→ **PROBLEM TO WORK ON**
From the entries below, reproduce exactly the line containing "fun L => exists w, K w /\ L = subst phi w.", the line containing "alphabet Delta /\", and every line in between, with nothing added.

→ **DATA PROVIDED**
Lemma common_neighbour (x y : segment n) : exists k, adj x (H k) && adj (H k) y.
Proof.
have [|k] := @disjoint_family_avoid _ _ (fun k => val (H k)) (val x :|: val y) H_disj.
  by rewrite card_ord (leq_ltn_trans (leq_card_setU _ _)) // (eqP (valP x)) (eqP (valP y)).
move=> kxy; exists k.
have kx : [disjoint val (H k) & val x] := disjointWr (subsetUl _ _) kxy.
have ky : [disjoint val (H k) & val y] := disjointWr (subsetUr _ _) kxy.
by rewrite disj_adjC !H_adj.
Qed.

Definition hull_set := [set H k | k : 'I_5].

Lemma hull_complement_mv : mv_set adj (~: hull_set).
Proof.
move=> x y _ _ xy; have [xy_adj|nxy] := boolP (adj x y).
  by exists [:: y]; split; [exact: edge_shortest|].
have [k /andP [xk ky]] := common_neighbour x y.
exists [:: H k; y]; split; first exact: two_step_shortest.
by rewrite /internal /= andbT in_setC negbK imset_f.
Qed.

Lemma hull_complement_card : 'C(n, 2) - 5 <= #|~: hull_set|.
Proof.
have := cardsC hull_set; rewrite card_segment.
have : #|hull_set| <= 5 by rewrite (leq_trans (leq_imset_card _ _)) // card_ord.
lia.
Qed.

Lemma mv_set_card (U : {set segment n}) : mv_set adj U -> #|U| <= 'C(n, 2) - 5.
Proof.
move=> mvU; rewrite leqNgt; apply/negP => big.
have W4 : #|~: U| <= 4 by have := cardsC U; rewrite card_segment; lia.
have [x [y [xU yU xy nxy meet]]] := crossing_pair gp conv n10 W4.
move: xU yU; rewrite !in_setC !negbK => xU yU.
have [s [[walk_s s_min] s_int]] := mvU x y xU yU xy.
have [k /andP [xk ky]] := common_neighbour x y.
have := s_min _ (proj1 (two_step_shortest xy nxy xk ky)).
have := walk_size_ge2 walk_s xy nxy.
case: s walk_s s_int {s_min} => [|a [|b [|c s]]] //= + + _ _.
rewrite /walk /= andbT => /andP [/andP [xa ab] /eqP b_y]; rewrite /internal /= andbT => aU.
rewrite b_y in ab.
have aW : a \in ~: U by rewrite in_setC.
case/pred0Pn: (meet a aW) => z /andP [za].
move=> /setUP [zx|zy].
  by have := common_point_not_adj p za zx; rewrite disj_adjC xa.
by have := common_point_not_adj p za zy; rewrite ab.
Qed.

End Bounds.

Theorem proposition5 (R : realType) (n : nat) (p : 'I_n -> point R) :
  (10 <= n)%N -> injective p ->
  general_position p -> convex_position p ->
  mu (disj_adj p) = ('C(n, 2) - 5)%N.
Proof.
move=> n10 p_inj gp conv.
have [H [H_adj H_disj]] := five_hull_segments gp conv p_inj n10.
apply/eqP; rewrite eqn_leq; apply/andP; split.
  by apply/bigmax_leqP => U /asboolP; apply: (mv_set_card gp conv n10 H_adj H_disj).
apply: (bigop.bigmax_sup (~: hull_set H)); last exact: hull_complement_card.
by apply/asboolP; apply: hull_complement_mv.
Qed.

...

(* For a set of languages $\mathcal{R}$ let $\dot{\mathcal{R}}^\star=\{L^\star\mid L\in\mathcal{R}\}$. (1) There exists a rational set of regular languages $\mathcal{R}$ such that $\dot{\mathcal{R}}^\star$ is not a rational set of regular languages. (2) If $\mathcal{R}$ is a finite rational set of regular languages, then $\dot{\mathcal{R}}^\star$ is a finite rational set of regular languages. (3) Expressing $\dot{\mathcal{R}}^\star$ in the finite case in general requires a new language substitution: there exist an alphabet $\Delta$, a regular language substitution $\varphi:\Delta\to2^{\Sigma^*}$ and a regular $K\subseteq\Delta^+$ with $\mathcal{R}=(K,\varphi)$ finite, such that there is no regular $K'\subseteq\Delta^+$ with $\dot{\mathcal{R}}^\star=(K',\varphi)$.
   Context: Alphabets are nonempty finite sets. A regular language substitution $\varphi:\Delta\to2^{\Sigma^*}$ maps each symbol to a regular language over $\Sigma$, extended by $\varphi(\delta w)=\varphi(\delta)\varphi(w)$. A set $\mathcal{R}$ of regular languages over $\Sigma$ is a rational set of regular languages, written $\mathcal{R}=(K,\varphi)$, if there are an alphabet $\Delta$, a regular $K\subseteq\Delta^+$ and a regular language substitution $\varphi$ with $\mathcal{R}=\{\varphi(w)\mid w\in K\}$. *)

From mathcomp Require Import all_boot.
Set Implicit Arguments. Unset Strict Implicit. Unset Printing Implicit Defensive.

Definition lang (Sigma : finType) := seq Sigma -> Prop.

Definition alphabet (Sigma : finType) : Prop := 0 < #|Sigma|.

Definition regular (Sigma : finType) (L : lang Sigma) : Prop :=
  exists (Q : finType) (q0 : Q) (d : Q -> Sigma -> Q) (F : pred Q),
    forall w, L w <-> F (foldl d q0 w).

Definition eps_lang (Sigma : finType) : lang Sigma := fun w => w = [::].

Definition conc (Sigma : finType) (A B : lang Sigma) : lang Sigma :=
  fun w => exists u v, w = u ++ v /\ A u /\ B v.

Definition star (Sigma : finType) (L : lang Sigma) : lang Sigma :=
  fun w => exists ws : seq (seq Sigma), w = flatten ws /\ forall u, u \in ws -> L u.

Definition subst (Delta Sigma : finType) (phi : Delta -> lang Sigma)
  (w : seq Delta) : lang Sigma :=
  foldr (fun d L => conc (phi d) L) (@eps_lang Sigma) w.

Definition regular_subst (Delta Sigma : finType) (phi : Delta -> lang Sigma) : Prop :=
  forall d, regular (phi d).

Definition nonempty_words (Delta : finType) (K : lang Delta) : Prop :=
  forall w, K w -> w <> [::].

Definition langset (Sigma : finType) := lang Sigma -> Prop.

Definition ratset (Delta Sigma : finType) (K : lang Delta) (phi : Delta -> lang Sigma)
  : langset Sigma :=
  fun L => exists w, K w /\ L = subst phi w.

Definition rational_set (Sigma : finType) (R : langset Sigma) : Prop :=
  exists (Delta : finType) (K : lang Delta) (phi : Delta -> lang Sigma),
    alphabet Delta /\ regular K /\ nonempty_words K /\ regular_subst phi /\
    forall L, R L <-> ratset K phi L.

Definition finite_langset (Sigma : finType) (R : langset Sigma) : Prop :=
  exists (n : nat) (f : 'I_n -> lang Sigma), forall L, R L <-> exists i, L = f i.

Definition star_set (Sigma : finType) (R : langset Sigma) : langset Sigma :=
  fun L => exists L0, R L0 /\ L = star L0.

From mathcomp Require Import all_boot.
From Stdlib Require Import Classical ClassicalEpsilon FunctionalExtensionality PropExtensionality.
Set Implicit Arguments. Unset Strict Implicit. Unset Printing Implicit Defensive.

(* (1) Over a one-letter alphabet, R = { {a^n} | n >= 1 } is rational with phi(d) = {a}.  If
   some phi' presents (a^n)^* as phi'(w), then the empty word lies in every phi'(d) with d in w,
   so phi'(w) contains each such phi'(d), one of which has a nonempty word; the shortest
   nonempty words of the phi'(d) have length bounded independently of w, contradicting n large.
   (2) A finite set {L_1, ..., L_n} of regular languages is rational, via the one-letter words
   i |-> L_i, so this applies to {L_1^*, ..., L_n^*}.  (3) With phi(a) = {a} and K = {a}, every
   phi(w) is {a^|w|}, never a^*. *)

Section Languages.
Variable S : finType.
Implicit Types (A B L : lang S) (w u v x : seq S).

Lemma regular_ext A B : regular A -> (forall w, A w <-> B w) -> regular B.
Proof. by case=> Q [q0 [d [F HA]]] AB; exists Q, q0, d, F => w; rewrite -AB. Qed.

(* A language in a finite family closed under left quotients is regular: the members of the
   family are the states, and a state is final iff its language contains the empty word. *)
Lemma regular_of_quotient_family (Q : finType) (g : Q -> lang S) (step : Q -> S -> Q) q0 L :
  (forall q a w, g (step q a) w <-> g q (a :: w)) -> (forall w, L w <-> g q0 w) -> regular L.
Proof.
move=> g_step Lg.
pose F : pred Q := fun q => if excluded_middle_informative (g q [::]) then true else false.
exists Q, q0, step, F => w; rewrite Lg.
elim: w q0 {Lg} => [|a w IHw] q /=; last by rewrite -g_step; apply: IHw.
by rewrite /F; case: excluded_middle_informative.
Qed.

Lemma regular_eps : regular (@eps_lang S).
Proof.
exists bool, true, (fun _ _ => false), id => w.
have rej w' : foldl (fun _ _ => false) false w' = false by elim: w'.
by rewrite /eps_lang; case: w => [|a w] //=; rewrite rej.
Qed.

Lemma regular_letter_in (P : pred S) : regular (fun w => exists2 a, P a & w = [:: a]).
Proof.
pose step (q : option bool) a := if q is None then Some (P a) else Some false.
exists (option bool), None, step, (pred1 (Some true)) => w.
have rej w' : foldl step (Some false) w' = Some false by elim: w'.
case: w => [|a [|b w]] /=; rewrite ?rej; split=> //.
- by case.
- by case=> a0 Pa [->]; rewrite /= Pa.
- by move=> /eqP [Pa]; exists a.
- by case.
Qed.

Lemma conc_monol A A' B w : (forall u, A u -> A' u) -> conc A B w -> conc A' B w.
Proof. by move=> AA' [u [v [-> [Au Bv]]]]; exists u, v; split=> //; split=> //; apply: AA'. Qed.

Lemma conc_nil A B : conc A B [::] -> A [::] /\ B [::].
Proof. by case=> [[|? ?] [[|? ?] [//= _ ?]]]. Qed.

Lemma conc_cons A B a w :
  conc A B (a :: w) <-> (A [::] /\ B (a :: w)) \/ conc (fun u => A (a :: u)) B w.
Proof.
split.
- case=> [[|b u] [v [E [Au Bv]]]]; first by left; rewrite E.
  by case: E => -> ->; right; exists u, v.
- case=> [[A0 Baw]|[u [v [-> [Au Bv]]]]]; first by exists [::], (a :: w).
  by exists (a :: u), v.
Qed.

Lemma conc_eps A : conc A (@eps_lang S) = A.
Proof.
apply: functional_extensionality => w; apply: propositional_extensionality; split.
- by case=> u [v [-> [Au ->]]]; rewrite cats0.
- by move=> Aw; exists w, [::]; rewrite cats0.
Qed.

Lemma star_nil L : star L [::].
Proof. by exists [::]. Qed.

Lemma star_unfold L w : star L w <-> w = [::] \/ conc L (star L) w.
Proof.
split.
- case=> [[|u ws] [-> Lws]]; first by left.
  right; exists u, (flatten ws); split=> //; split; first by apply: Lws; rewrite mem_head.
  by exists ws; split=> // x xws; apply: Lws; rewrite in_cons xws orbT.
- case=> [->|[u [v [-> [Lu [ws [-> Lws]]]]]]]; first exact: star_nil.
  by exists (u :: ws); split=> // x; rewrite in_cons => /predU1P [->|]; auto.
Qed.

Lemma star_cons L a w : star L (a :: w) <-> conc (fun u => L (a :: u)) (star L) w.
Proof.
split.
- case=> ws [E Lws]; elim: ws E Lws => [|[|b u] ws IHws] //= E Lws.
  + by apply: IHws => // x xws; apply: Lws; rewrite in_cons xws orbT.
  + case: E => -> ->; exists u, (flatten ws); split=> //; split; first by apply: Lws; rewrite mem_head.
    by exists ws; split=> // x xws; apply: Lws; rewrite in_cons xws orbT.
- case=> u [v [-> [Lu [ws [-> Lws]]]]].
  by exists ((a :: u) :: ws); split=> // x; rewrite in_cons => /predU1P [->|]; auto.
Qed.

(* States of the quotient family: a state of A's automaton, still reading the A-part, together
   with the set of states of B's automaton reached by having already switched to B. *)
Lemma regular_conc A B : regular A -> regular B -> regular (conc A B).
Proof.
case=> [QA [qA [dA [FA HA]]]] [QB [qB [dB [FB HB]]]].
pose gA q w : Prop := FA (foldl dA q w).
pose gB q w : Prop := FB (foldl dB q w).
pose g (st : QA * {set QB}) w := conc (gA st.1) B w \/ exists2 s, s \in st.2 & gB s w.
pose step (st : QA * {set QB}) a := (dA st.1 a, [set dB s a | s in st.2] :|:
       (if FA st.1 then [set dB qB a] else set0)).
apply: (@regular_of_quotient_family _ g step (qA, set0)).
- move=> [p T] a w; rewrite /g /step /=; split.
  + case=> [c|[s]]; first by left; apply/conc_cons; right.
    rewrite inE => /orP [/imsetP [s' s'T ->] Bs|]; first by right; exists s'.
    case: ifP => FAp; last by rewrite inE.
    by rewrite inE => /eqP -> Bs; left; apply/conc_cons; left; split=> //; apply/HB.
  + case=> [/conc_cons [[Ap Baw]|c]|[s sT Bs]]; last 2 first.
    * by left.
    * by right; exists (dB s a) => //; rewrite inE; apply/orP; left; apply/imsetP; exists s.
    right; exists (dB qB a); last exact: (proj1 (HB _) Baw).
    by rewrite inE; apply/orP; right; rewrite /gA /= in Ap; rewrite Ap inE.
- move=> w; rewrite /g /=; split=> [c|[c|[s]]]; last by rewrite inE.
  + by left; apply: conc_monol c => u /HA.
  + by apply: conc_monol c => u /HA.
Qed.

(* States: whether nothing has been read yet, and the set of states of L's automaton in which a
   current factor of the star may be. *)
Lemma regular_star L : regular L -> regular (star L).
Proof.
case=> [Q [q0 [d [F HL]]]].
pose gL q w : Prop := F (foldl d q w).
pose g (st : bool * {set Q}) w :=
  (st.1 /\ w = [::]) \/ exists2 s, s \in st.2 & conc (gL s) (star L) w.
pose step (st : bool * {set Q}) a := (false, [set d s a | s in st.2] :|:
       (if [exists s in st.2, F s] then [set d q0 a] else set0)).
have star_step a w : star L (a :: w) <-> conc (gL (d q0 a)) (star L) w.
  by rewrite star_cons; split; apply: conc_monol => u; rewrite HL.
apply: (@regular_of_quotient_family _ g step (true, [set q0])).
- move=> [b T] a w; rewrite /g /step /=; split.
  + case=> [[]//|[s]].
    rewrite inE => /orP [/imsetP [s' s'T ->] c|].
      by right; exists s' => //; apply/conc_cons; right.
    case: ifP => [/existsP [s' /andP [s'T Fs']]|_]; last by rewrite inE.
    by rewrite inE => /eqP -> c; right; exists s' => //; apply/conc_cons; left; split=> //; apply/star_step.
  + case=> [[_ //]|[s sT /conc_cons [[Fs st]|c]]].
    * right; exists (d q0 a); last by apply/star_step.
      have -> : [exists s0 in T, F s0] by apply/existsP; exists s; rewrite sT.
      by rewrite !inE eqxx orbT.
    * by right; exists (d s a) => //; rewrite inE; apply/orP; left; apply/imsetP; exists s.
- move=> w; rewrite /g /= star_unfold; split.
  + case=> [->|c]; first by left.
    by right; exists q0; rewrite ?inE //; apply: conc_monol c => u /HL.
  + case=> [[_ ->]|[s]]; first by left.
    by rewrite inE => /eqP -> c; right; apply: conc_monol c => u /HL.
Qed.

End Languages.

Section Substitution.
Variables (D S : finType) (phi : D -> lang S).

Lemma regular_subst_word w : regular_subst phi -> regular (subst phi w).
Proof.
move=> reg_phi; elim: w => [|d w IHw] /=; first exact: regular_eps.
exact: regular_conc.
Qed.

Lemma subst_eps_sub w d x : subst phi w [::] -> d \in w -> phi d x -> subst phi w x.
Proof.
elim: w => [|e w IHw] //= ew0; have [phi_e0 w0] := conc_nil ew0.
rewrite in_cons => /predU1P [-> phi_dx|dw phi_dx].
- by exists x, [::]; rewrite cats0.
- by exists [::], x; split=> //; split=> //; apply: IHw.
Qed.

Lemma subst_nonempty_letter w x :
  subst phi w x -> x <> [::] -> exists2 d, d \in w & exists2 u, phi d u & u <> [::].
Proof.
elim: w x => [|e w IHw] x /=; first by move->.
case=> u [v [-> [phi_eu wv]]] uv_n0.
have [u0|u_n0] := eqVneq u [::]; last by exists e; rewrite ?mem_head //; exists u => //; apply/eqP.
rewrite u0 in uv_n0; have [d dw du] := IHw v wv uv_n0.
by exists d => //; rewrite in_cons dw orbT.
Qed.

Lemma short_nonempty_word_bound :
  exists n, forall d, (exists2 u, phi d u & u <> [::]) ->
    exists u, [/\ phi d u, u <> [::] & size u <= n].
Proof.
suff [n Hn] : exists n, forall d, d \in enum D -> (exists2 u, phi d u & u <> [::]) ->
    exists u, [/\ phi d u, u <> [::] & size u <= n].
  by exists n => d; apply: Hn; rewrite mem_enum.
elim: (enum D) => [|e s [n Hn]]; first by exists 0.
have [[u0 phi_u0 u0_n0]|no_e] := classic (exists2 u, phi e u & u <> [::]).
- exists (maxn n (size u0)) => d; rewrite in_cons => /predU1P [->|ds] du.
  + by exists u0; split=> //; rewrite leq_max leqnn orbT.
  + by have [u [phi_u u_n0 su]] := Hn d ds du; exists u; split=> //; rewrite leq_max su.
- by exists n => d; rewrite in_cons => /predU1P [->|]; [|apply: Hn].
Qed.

→ **SOLUTION TO THE EXERCISE**
  fun L => exists w, K w /\ L = subst phi w.

Definition rational_set (Sigma : finType) (R : langset Sigma) : Prop :=
  exists (Delta : finType) (K : lang Delta) (phi : Delta -> lang Sigma),
    alphabet Delta /\ regular K /\ nonempty_words K /\ regular_subst phi /\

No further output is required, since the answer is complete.